Um dos trunfos do filme é quando os personagens falam sobre como aqueles episódios marcaram suas vidas pessoais. A lembrança que Guarany guarda de Dora no dia em que ela se despediu dele para sempre, antes de se suicidar, são comoventes. Mas o ponto alto é o discurso emocionado do educador, jornalista e cineasta Luizão, quando lembra que sua dedicação integral à luta contra a ditadura fez com que perdesse o convívio com a família.
A dor da tortura emocional e física, a ansiedade pela liberdade, o medo, a emoção de chegar como "estrelas" no Chile de Salvador Allende, em 1971. As lembranças dos personagens conduzem o espectador a um universo íntimo que geralmente fica de fora dos livros de história.

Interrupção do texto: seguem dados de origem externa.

(* Let $n\ge 2$ and let $p=(p_1,\dots,p_n)$ be a vector with all $p_i>0$. For $q\in \mathrm{Sim}_n(1)$ define $$OD(q,p)=\sum_{1\le i\le n}\Big((1-q_i)\log(1-q_i) - q_i\log\frac{q_i}{p_i}\Big).$$ (1) For an index $j$, $\max_{q\in\mathrm{Sim}_n(1)} OD(q,p)=\log(p_j)$ if and only if $p_j\ge\sum_{i\ne j}p_i$ (such $j$ is called dominant). If $n\ge 3$ there is at most one dominant index. If there is no dominant index, the maximum of $OD(\cdot,p)$ over $\mathrm{Sim}_n(1)$ is attained in the interior of the simplex. (2) If $p_i=c>0$ for all $i$, then $$\max_{q\in\mathrm{Sim}_n(1)} OD(q,p)=OD\!\left(\tfrac{e}{n},p\right)=(n-1)\log(1-n^{-1})+\log n+\log c.$$
   Context: $\mathrm{Sim}_n(1)=\{(q_1,\dots,q_n): q_i\ge 0,\ \sum_i q_i=1\}$; $e=(1,\dots,1)$, so $e/n$ is the uniform vector. Conventions: $0\log 0=0$ (i.e. $0^0=1$). *)

From HB Require Import structures.
From mathcomp Require Import all_boot all_order all_algebra.
From mathcomp Require Import all_classical all_reals all_analysis.
Set Implicit Arguments. Unset Strict Implicit. Unset Printing Implicit Defensive.
Import Order.TTheory GRing.Theory Num.Theory.
Local Open Scope ring_scope.

Section OD.
Variables (R : realType) (n : nat).

Definition Sim (q : 'I_n -> R) : Prop :=
  (forall i, 0 <= q i) /\ \sum_(i < n) q i = 1.
(* Let $T$ be a directed tree in which the longest directed path has length $1$ (i.e. every vertex is a source or a sink), and let $d$ be the degree of $T$. Then $T$ has span at most $\lfloor d/2\rfloor+1$.
   Context: A directed tree is a DAG (directed acyclic graph) whose underlying undirected graph is a tree. A source (sink) is a vertex with no incoming (outgoing) edge. The degree of a vertex is its total number of incident edges; the degree of a graph is the maximum degree of its vertices. The length of a directed path is its number of edges. An upward-planar layered drawing of a DAG $G$ maps each vertex $v$ to a point in the plane whose y-coordinate $y(v)$ is an integer, and each edge $(u,v)$ (directed from tail $u$ to head $v$) to a strictly y-monotone curve going upward from $u$ to $v$ (so $y(u)<y(v)$), such that no two edges intersect except at common endpoints. The span of an edge $(u,v)$ in such a drawing $\Gamma$ is $y(v)-y(u)$; the span of $\Gamma$ is the maximum span of its edges; the span of an upward-planar DAG is the minimum span over all its upward-planar layered drawings (no embedding prescribed). *)

From Stdlib Require Import Reals ZArith.
From mathcomp Require Import all_boot.

Set Implicit Arguments.
Unset Strict Implicit.
Unset Printing Implicit Defensive.

Section Defs.
Variable V : finType.

(* A directed graph on V is given by its (simple) edge relation E:
   E u v means there is an edge directed from tail u to head v. *)

Definition und (E : rel V) : rel V := fun x y => E x y || E y x.

(* Directed tree: loopless, no pair of opposite edges (so the underlying
   undirected graph is simple), and the underlying undirected graph is a tree,
   i.e. nonempty, connected, with exactly |V| - 1 edges. *)
Definition directed_tree (E : rel V) : Prop :=
  [/\ (forall x, ~~ E x x),
      (forall x y, E x y -> ~~ E y x),
      (0 < #|V|)%N,
      (forall x y, connect (und E) x y)
    & #|[set p : (V * V)%type | E p.1 p.2]| = (#|V| - 1)%N].

Definition longest_path_is_one (E : rel V) : Prop :=
  (exists u v, E u v) /\ (forall u v w, E u v -> ~ E v w).

Definition vdeg (E : rel V) (v : V) : nat := #|[set u | und E v u]|.
Definition graph_degree (E : rel V) : nat := \max_(v : V) vdeg E v.

(* An upward-planar layered drawing: vertex v is drawn at (px v, y v) with
   y v an integer; edge (u,v) is drawn as the curve
   t |-> (cx u v t, cy u v t), t in [0,1], continuous, from the point of u
   to the point of v, strictly increasing in y; distinct vertices get distinct
   points; two distinct edges meet only at the point of a common endpoint. *)
Definition upward_planar_layered_drawing (E : rel V) (y : V -> Z)
  (px : V -> R) (cx cy : V -> V -> R -> R) : Prop :=
  [/\ (forall u v, (px u, IZR (y u)) = (px v, IZR (y v)) -> u = v),
      (forall u v, E u v ->
         [/\ continuity (cx u v), continuity (cy u v),
             cx u v R0 = px u /\ cy u v R0 = IZR (y u),
             cx u v R1 = px v /\ cy u v R1 = IZR (y v)
           & forall s t, Rle R0 s -> Rlt s t -> Rle t R1 ->
               Rlt (cy u v s) (cy u v t)])
    & (forall u v u' v' s t, E u v -> E u' v' -> (u, v) <> (u', v') ->
         Rle R0 s -> Rle s R1 -> Rle R0 t -> Rle t R1 ->
         cx u v s = cx u' v' t -> cy u v s = cy u' v' t ->
         exists w, (w = u \/ w = v) /\ (w = u' \/ w = v') /\
                   cx u v s = px w /\ cy u v s = IZR (y w))].

Definition span_at_most (E : rel V) (y : V -> Z) (k : Z) : Prop :=
  forall u v, E u v -> (y v - y u <= k)%Z.

End Defs.

From Stdlib Require Import Reals ZArith Lra Lia.
From mathcomp Require Import all_boot zify.

Set Implicit Arguments.
Unset Strict Implicit.
Unset Printing Implicit Defensive.

(* Root the tree at a sink and let every other vertex hang from a breadth-first
   parent.  Every vertex gets an x-interval, its box, nested in the box of its
   parent and disjoint from the boxes of its siblings, and an integer level.
   The children of a sink [a] (sources) lie K = d/2 + 1 levels below [a]; the
   children of a source [a] (sinks, at most d - 1 of them) are put alternately
   in the left and right quarter of the box of [a], the k-th pair k + 1 levels
   above [a], so every edge spans at most K.  Sinks are drawn at the left end
   of their box, sources at its centre, and each edge is a two-piece polyline
   bending half a level below its head.  The drawing of the subtree of [v] stays
   in the box of [v] and below [ceiling v], so edges of disjoint subtrees never
   meet, and the bends make edges at a common vertex meet only there. *)

Local Open Scope R_scope.

Lemma INR_lt_succ_le (i n : nat) : (i < n)%N -> INR i + 1 <= INR n.
Proof. by move=> lt_in; rewrite -S_INR; apply/le_INR/leP. Qed.

(* The slots start at [l + u], away from [l], where a sink is drawn. *)
Definition sink_slot (n : nat) (l r : R) (i : nat) : R * R :=
  let u := (r - l) / (INR n + 1) in
  (l + (INR i + 1) * u, l + (INR i + 1) * u + u / 2).

Definition source_slot (n : nat) (l r : R) (j : nat) : R * R :=
  let x := (l + r) / 2 in let s := (r - l) / 2 in let q := s / (2 * (INR n + 1)) in
  let k := INR j./2 in
  if odd j then (x - s/2 - k*q - q/2, x - s/2 - k*q)
  else (x + s/2 + k*q, x + s/2 + k*q + q/2).

(* Bend abscissa of the edge to the [j]-th source slot: it approaches the
   centre as [j./2] grows, while the slot moves away from it. *)
Definition bend_x (l r : R) (j : nat) : R :=
  let x := (l + r) / 2 in let s := (r - l) / 2 in
  x + (if odd j then -1 else 1) * (s / (4 * (INR j./2 + 1))).

Lemma sink_slot_inside n l r i : l < r -> (i < n)%N ->
  l < (sink_slot n l r i).1 < (sink_slot n l r i).2 /\ (sink_slot n l r i).2 < r.
Proof.
move=> lt_lr lt_in; rewrite /sink_slot /=.
have le_n := INR_lt_succ_le lt_in; have i_ge0 := pos_INR i.
set u := (r - l) / (INR n + 1).
have u_gt0 : 0 < u by apply: Rdiv_lt_0_compat; lra.
have u_def : u * (INR n + 1) = r - l by rewrite /u; field; lra.
by split; [split|]; nra.
Qed.

Lemma sink_slot_disjoint n l r i i' : l < r -> (i < n)%N -> i <> i' ->
  (sink_slot n l r i).2 < (sink_slot n l r i').1 \/
  (sink_slot n l r i').2 < (sink_slot n l r i).1.
Proof.
move=> lt_lr lt_in neq_ii'; rewrite /sink_slot /=.
have := INR_lt_succ_le lt_in.
set u := (r - l) / (INR n + 1).
have u_gt0 : 0 < u by apply: Rdiv_lt_0_compat; have := pos_INR n; lra.
by case: (ltngtP i i') => // /INR_lt_succ_le; [left | right]; nra.
Qed.

Lemma source_slot_inside n l r j : l < r -> (j < n)%N ->
  let x := (l + r) / 2 in let s := (r - l) / 2 in
  let l' := (source_slot n l r j).1 in let r' := (source_slot n l r j).2 in
  l' < r' /\
  (if odd j then x - s < l' /\ r' <= x - s/2 else x + s/2 <= l' /\ r' < x + s).
Proof.
move=> lt_lr lt_jn x s l' r'; rewrite /l' /r' /source_slot -/x -/s.
have lt_kn : (j./2 < n)%N by rewrite ltn_half_double; lia.
have := INR_lt_succ_le lt_kn; have := pos_INR j./2.
set k := INR j./2.
have s_gt0 : 0 < s by rewrite /s; lra.
set q := s / (2 * (INR n + 1)).
have q_gt0 : 0 < q by apply: Rdiv_lt_0_compat; have := pos_INR n; lra.
have q_def : q * (2 * (INR n + 1)) = s by rewrite /q; field; have := pos_INR n; lra.
by case: (odd j) => /=; nra.
Qed.

Lemma bend_x_near_centre l r j : l < r ->
  let x := (l + r) / 2 in let s := (r - l) / 2 in
  if odd j then x - s/4 <= bend_x l r j < x else x < bend_x l r j <= x + s/4.
Proof.
move=> lt_lr x s; rewrite /bend_x -/x -/s.
have := pos_INR j./2; set k := INR j./2 => k_ge0.
have s_gt0 : 0 < s by rewrite /s; lra.
set A := s / (4 * (k + 1)).
have A_gt0 : 0 < A by apply: Rdiv_lt_0_compat; lra.
have A_def : A * (4 * (k + 1)) = s by rewrite /A; field; lra.
by case: (odd j); split; nra.
Qed.

Lemma source_slot_monotone n l r j j' : l < r -> (j' < n)%N ->
  odd j = odd j' -> (j./2 < j'./2)%N ->
  if odd j then (source_slot n l r j').2 < (source_slot n l r j).1 /\
                bend_x l r j < bend_x l r j'
  else (source_slot n l r j).2 < (source_slot n l r j').1 /\
       bend_x l r j' < bend_x l r j.
Proof.
move=> lt_lr lt_jn odd_jj' lt_kk'; rewrite /source_slot /bend_x -odd_jj'.
have := INR_lt_succ_le lt_kk'; have := pos_INR j./2.
set k := INR j./2; set k' := INR j'./2 => k_ge0 lt_kk'R.
set x := (l + r) / 2; set s := (r - l) / 2.
have s_gt0 : 0 < s by rewrite /s; lra.
set q := s / (2 * (INR n + 1)).
have q_gt0 : 0 < q by apply: Rdiv_lt_0_compat; have := pos_INR n; lra.
set A := s / (4 * (k + 1)); set A' := s / (4 * (k' + 1)).
have A_def : A * (4 * (k + 1)) = s by rewrite /A; field; lra.
have A'_def : A' * (4 * (k' + 1)) = s by rewrite /A'; field; lra.
have A'_gt0 : 0 < A' by apply: Rdiv_lt_0_compat; lra.
have lt_A'A : A' < A by nra.
by case: (odd j); split => /=; nra.
Qed.

Lemma source_slot_disjoint n l r j j' : l < r -> (j < n)%N -> (j' < n)%N -> j <> j' ->
  (source_slot n l r j).2 < (source_slot n l r j').1 \/
  (source_slot n l r j').2 < (source_slot n l r j).1.
Proof.
move=> lt_lr lt_jn lt_j'n neq_jj'.
case: (boolP (odd j == odd j')) => [/eqP odd_jj' | ]; last first.
  have := source_slot_inside lt_lr lt_jn; have := source_slot_inside lt_lr lt_j'n.
  by case: (odd j); case: (odd j') => //= ? ? ?; lra.
have neq_k : j./2 <> j'./2.
  by move=> eq_k; apply: neq_jj'; rewrite -[j]odd_double_half -[j']odd_double_half odd_jj' eq_k.
case: (ltngtP j./2 j'./2) => // lt_k.
- have := source_slot_monotone lt_lr lt_j'n odd_jj' lt_k.
  by case: (odd j) => -[? _]; [right | left].
- have := source_slot_monotone lt_lr lt_jn (esym odd_jj') lt_k.
  by rewrite -odd_jj'; case: (odd j) => -[? _]; [left | right].
Qed.

(* [min1 z = min z 1] and [pos_part w = max w 0], written with [Rabs] so that
   continuity is syntactic. *)
Definition min1 (z : R) : R := (1 + z - Rabs (z - 1)) / 2.
Definition pos_part (w : R) : R := (w + Rabs w) / 2.

(* Abscissa at height [Y] of the polyline from [(xt, yt)] through
   [(xb, yh - 1/2)] to [(xh, yh)]. *)
Definition bent_path (xt yt xb xh yh Y : R) : R :=
  xt + (xb - xt) * min1 ((Y - yt) * / (yh - 1/2 - yt))
     + (xh - xb) * pos_part (2 * (Y - (yh - 1/2))).

Section BentPath.
Variables xt yt xb xh yh : R.
Hypothesis rise : yt < yh - 1/2.

Lemma bent_path_lower Y : Y <= yh - 1/2 ->
  bent_path xt yt xb xh yh Y = xt + (xb - xt) * ((Y - yt) * / (yh - 1/2 - yt)).
Proof.
move=> le_Y; rewrite /bent_path /min1 /pos_part.
have le_z1 : (Y - yt) * / (yh - 1/2 - yt) <= 1.
  apply: (Rmult_le_reg_r (yh - 1/2 - yt)); first lra.
  by rewrite Rmult_assoc Rinv_l; lra.
rewrite (Rabs_left1 (_ - 1)); last lra.
rewrite (Rabs_left1 (2 * _)); last lra.
by field; lra.
Qed.

Lemma bent_path_upper Y : yh - 1/2 <= Y ->
  bent_path xt yt xb xh yh Y = xh + (xb - xh) * (2 * (yh - Y)).
Proof.
move=> le_Y; rewrite /bent_path /min1 /pos_part.
have ge_z1 : 1 <= (Y - yt) * / (yh - 1/2 - yt).
  apply: (Rmult_le_reg_r (yh - 1/2 - yt)); first lra.
  by rewrite Rmult_assoc Rinv_l; lra.
rewrite (Rabs_pos_eq (_ - 1)); last lra.
rewrite (Rabs_pos_eq (2 * _)); last lra.
by field; lra.
Qed.

Lemma bent_path_lower_segment Y : yt <= Y <= yh - 1/2 ->
  exists t, 0 <= t <= 1 /\ bent_path xt yt xb xh yh Y = xt + (xb - xt) * t /\
            Y = yt + (yh - 1/2 - yt) * t.
Proof.
move=> rng_Y; exists ((Y - yt) * / (yh - 1/2 - yt)); split; last split.
- split.
    by apply: Rmult_le_pos; [lra | apply/Rlt_le/Rinv_0_lt_compat; lra].
  apply: (Rmult_le_reg_r (yh - 1/2 - yt)); first lra.
  by rewrite Rmult_assoc Rinv_l; lra.
- by rewrite bent_path_lower //; lra.
- by field; lra.
Qed.

Lemma bent_path_upper_segment Y : yh - 1/2 <= Y <= yh ->
  exists t, 0 <= t <= 1 /\ bent_path xt yt xb xh yh Y = xh + (xb - xh) * t /\
            Y = yh - t/2.
Proof.
move=> rng_Y; exists (2 * (yh - Y)); split; last split; try lra.
by rewrite bent_path_upper //; lra.
Qed.

End BentPath.

Ltac continuity_pt_comb :=
  repeat first [ apply: continuity_pt_minus | apply: continuity_pt_opp
               | apply: continuity_pt_plus | apply: continuity_pt_mult
               | apply: (continuity_pt_comp _ Rabs); last apply: Rcontinuity_abs
               | exact: derivable_continuous_pt (derivable_pt_id _) | by apply: continuity_pt_const ].

Lemma bent_path_continuous xt yt xb xh yh :
  continuity (fun t => bent_path xt yt xb xh yh (yt + t * (yh - yt))).
Proof. by move=> x; rewrite /bent_path /min1 /pos_part /Rdiv; continuity_pt_comb. Qed.

Lemma affine_continuous a b : continuity (fun t => a + t * b).
Proof. by move=> x; continuity_pt_comb. Qed.

Lemma segment_between a b t : 0 <= t <= 1 ->
  Rmin a b <= a + (b - a) * t <= Rmax a b.
Proof. by move=> rng_t; rewrite /Rmin /Rmax; case: (Rle_dec a b) => ?; split; nra. Qed.

Local Close Scope R_scope.

Section BreadthFirstParent.
Variables (V : finType) (g : rel V) (root : V).
Hypothesis root_connected : forall v, connect g root v.

Definition reachable_in (v : V) (n : nat) : bool :=
  [exists p : n.-tuple V, path g root p && (last root p == v)].

Lemma reachable_in_exists v : exists n, reachable_in v n.
Proof.
have /connectP [p g_p last_p] := root_connected v.
by exists (size p); apply/existsP; exists (in_tuple p); rewrite /= g_p -last_p eqxx.
Qed.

Por mais que possa ser considerado mais um filme sobre a ditadura militar brasileira, "70" reforça que não se pode esquecer aqueles tempos de horror. Ao lembrar do amigo Tito, frei Oswaldo sentenciou: "Existe centro acadêmico Tito de Alencar, escola Tito de Alencar, creche Frei Tito de Alencar. Existe até Escola de Dança Frei Tito de Alencar. É só você entrar na internet e ver como o nome dele é lembrado. Eu estou aqui falando dele. E os torturadores? Estão jogados no lixo da história".